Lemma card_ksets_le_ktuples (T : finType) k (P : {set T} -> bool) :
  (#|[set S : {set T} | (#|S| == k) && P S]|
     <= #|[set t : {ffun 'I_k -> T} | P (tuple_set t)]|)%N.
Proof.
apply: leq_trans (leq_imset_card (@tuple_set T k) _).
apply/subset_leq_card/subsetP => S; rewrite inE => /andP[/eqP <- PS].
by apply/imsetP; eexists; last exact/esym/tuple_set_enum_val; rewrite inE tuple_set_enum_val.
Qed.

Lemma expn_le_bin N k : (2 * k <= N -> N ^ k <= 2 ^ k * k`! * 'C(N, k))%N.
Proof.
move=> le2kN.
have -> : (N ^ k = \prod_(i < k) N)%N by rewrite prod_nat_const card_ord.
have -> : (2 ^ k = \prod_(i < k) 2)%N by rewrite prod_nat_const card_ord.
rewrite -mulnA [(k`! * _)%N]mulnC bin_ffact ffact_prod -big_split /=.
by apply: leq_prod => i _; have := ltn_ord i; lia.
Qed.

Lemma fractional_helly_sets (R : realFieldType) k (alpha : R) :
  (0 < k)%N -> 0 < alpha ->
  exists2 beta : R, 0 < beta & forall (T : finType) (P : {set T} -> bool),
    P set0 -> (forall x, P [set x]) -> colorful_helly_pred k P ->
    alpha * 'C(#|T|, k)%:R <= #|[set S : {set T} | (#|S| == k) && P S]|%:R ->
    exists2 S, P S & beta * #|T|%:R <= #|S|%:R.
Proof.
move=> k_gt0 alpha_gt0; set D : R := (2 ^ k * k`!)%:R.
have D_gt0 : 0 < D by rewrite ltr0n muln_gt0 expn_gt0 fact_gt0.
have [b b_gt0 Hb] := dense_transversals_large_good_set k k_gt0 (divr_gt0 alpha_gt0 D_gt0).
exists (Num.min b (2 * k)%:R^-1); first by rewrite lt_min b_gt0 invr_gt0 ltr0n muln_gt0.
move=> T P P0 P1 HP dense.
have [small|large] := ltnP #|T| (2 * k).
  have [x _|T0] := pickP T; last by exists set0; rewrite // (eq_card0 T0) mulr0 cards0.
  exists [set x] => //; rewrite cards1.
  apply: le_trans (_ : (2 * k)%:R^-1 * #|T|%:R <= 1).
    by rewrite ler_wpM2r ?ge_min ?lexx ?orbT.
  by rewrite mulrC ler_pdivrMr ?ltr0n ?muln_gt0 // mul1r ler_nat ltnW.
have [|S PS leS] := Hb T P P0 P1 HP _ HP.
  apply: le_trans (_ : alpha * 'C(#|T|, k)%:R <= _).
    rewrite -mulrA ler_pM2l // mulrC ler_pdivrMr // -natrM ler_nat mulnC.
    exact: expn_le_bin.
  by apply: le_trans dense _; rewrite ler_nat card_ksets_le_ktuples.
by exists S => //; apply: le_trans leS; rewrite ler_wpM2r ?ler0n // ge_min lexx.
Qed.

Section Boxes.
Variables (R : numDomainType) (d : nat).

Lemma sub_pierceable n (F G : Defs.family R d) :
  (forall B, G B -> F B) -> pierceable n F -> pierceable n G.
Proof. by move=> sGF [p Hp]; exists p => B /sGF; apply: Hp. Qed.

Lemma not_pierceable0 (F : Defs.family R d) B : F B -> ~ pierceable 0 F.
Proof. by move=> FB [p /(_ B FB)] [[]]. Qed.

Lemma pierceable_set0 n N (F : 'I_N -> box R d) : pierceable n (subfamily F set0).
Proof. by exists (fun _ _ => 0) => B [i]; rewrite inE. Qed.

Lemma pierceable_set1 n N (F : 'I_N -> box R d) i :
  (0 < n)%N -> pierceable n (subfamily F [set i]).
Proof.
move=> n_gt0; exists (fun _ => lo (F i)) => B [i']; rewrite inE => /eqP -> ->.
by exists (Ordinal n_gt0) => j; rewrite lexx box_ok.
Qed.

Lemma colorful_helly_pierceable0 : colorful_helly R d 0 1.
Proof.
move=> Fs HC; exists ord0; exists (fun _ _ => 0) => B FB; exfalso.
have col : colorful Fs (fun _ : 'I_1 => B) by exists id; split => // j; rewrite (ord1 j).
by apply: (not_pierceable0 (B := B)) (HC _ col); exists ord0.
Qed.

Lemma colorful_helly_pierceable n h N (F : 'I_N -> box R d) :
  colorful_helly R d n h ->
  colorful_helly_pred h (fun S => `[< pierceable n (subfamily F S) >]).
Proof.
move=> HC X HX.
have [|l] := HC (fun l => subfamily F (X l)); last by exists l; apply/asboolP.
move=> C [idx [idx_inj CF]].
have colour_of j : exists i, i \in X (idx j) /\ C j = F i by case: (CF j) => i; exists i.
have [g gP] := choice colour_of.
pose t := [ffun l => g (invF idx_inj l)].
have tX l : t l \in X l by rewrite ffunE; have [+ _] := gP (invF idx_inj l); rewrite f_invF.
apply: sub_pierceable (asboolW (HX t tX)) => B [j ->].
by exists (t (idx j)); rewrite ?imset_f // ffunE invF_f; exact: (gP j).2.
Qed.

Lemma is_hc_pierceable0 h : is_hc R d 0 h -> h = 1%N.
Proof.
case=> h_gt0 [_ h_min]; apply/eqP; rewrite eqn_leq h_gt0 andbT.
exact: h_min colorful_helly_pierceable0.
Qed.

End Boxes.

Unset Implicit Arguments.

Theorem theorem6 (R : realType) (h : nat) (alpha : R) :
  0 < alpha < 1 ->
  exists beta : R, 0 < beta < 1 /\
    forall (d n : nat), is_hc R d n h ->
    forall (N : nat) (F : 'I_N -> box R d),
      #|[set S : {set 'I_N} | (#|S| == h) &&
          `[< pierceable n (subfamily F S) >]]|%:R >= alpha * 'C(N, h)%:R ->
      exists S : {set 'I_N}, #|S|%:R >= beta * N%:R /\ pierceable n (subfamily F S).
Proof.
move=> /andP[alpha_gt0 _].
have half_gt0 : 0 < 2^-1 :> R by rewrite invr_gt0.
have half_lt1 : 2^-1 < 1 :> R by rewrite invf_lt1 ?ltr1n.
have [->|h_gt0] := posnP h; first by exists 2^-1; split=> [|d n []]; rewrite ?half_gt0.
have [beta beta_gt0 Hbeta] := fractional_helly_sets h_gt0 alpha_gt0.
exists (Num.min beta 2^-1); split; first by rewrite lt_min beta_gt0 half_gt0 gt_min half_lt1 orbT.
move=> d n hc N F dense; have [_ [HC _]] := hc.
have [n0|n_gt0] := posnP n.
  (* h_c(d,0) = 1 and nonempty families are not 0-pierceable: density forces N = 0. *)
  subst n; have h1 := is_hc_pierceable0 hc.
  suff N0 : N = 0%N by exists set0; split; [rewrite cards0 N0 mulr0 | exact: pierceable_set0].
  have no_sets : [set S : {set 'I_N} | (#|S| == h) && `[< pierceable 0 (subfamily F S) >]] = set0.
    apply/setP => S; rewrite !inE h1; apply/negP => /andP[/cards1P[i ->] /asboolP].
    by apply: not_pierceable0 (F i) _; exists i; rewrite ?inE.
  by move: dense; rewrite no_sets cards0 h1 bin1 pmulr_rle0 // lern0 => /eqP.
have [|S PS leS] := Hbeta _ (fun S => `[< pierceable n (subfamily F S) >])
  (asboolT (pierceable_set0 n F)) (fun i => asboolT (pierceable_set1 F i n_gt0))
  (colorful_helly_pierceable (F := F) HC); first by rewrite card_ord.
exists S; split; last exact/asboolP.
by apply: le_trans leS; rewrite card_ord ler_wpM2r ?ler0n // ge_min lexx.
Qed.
☆ ☆ ☆
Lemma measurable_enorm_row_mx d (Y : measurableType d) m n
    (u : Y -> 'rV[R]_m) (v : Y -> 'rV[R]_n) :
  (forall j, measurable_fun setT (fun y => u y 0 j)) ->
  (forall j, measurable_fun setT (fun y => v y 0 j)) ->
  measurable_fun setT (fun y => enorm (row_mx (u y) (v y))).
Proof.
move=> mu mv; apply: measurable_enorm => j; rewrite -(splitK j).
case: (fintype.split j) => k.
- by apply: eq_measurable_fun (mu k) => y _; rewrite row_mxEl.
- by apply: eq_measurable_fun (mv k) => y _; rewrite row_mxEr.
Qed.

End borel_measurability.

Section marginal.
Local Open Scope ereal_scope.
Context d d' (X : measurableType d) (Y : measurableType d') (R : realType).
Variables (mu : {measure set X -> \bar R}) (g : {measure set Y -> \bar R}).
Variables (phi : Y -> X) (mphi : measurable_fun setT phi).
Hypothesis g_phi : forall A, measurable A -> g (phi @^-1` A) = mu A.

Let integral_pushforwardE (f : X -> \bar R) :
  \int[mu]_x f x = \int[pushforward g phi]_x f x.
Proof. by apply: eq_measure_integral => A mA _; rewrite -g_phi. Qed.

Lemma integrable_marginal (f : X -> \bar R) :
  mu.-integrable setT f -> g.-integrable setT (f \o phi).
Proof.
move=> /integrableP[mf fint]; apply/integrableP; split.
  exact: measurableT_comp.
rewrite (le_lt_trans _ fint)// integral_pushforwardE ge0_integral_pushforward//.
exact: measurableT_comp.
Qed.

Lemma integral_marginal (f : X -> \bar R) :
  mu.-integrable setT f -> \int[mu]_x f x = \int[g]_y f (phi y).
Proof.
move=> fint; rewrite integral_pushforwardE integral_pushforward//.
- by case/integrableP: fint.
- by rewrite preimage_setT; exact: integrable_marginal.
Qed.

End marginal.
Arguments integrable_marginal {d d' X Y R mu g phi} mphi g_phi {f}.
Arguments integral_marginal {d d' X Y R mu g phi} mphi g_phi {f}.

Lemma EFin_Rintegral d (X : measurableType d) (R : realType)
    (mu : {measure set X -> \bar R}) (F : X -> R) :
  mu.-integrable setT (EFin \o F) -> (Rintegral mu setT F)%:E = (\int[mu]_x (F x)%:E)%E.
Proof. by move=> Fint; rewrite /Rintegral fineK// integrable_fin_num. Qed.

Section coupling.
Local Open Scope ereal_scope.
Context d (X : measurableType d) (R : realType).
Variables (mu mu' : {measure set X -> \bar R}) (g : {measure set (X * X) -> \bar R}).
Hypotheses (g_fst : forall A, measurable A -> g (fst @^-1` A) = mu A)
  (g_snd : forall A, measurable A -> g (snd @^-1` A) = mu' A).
☆ ☆ ☆
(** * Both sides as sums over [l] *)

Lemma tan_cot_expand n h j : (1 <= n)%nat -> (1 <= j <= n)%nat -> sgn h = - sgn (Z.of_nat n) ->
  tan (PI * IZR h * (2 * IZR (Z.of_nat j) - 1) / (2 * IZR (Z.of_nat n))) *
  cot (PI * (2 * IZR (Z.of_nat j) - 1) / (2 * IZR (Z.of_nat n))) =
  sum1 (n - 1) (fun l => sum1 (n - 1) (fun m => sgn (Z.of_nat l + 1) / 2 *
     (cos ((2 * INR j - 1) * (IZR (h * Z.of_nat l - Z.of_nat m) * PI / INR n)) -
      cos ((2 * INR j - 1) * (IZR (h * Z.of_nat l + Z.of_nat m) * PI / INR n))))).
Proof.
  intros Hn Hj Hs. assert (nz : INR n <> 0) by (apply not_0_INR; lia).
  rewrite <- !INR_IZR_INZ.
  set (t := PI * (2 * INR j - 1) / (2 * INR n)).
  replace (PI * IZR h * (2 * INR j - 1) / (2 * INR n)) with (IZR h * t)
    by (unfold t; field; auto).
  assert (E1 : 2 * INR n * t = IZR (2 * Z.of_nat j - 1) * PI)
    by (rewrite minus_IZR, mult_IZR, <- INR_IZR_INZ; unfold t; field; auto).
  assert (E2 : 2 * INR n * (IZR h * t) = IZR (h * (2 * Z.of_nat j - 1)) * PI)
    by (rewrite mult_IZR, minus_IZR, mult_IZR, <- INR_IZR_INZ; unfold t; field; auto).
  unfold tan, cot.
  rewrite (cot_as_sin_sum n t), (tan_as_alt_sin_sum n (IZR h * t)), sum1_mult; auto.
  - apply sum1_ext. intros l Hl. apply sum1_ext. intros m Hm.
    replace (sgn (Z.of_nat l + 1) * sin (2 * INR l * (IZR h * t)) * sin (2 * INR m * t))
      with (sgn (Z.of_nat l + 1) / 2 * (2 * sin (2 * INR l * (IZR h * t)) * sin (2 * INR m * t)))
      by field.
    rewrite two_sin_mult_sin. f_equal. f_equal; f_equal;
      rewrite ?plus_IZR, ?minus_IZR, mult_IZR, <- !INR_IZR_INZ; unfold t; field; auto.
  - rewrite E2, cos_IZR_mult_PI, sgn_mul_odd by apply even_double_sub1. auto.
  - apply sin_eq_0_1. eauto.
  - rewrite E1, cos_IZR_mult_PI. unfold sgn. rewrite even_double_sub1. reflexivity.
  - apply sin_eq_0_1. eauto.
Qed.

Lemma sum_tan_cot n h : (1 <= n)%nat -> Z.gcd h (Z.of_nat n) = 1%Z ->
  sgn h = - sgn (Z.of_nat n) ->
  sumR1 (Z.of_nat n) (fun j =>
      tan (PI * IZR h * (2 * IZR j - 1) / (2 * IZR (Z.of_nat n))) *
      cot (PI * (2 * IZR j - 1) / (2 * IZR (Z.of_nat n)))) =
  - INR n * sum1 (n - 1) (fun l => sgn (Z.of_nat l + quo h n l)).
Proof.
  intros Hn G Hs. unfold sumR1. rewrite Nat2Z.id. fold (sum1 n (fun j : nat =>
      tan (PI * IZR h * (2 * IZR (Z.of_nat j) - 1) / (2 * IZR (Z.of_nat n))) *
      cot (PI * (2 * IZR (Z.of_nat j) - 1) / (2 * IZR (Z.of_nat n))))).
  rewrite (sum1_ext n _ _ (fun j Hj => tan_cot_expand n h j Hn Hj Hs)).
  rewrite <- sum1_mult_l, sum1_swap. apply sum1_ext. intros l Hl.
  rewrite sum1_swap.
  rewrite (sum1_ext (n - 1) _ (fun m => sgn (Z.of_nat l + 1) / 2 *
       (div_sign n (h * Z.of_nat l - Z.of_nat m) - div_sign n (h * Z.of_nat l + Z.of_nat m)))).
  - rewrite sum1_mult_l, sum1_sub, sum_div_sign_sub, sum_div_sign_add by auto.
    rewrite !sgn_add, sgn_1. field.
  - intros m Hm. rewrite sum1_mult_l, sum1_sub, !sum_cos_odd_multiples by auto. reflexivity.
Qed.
☆ ☆ ☆
## HOW TO COMPLETE THIS TASK:
Wherever a line in the data above holds the word "realType", copy that line.

## RESPONSE:
Theorem theorem6 (R : realType) (h : nat) (alpha : R) :
Context d d' (X : measurableType d) (Y : measurableType d') (R : realType).
Lemma EFin_Rintegral d (X : measurableType d) (R : realType)
Context d (X : measurableType d) (R : realType).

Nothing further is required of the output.